'''

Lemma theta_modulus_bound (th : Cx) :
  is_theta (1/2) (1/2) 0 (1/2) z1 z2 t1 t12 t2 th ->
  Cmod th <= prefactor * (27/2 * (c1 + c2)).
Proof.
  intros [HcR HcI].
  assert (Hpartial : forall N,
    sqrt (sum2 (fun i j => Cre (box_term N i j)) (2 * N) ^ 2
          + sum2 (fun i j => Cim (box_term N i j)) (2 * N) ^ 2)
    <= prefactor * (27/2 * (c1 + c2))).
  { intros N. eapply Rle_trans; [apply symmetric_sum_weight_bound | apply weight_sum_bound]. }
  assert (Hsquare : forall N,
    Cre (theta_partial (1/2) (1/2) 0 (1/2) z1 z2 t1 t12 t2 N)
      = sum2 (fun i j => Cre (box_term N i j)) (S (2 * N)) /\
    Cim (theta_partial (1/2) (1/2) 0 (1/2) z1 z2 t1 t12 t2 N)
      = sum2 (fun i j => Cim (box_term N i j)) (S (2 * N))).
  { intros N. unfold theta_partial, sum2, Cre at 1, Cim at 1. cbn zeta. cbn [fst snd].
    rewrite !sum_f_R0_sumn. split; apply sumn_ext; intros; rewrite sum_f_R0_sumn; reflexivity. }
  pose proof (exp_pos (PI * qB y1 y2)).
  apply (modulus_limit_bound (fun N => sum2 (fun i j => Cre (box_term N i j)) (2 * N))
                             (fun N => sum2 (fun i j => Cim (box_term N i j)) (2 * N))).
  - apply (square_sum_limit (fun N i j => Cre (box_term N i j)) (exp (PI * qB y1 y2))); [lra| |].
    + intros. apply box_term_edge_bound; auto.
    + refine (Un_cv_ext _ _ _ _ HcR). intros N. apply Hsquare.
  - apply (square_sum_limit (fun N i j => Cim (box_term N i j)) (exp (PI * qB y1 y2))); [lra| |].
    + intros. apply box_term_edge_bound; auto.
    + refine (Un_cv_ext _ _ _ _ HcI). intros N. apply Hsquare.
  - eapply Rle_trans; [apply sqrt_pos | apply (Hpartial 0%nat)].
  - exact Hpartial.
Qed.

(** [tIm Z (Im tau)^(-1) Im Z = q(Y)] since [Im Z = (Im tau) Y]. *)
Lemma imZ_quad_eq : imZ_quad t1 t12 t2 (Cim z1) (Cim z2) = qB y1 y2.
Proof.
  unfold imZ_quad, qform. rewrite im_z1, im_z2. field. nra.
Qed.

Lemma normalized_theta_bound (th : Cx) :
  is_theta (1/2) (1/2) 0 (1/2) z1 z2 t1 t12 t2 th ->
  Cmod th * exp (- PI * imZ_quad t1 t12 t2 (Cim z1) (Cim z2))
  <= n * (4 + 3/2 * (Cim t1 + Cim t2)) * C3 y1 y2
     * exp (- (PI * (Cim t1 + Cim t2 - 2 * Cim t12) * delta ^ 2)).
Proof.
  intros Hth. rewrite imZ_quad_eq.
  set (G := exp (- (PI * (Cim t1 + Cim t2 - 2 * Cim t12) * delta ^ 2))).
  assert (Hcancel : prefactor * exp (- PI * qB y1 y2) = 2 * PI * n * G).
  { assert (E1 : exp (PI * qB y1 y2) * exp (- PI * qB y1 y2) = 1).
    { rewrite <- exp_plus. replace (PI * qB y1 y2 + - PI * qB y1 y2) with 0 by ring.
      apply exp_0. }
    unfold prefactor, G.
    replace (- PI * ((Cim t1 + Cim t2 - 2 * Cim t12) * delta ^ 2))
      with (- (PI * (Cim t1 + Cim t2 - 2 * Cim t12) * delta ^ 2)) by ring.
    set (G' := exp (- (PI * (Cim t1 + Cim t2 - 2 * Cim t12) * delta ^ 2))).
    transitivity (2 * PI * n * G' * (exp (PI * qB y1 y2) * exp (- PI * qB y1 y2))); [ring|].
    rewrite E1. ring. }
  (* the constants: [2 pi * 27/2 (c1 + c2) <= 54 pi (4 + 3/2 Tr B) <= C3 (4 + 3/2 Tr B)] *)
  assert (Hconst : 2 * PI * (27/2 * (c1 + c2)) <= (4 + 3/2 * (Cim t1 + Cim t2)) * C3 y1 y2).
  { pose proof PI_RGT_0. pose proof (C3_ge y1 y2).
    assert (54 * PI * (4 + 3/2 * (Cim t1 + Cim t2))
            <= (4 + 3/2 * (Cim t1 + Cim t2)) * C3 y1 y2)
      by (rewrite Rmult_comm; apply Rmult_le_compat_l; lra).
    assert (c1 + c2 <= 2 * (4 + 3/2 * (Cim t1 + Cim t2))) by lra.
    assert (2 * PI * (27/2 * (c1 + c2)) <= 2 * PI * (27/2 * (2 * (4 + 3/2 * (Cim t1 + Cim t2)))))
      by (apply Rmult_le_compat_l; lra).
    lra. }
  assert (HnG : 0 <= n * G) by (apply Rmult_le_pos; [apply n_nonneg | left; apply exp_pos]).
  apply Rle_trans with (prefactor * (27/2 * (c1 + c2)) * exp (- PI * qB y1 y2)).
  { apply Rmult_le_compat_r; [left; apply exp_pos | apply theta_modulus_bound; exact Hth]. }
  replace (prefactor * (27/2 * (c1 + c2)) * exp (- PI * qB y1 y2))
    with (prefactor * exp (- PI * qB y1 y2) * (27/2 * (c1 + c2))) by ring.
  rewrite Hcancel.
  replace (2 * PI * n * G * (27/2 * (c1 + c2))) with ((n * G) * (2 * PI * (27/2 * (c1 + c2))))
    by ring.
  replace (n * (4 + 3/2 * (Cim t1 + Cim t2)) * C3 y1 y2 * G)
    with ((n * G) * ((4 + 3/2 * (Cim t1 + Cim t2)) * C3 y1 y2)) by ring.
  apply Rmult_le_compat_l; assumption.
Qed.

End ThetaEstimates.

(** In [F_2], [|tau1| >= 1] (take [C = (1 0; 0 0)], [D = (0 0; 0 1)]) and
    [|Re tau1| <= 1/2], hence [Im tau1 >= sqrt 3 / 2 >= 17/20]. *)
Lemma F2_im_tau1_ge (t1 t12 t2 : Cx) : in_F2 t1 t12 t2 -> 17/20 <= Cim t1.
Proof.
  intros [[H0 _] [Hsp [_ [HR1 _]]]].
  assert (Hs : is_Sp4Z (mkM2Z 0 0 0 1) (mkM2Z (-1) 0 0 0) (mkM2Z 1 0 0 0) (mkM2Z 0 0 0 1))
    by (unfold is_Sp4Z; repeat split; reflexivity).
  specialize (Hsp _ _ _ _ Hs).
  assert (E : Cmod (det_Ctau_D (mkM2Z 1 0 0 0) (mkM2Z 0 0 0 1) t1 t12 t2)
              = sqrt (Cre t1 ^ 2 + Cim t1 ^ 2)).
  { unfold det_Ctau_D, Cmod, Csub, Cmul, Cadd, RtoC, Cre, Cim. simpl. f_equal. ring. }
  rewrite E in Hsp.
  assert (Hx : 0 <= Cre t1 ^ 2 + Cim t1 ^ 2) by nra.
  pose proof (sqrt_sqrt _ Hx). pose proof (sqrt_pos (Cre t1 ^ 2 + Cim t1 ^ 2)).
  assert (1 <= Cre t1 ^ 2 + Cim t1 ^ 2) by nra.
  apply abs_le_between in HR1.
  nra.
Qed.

'''

EXERCISE INSTRUCTIONS:
Please return all lines in the material above that include the word "refine".

RESULT OF THIS EXERCISE:
    + refine (Un_cv_ext _ _ _ _ HcR). intros N. apply Hsquare.
    + refine (Un_cv_ext _ _ _ _ HcI). intros N. apply Hsquare.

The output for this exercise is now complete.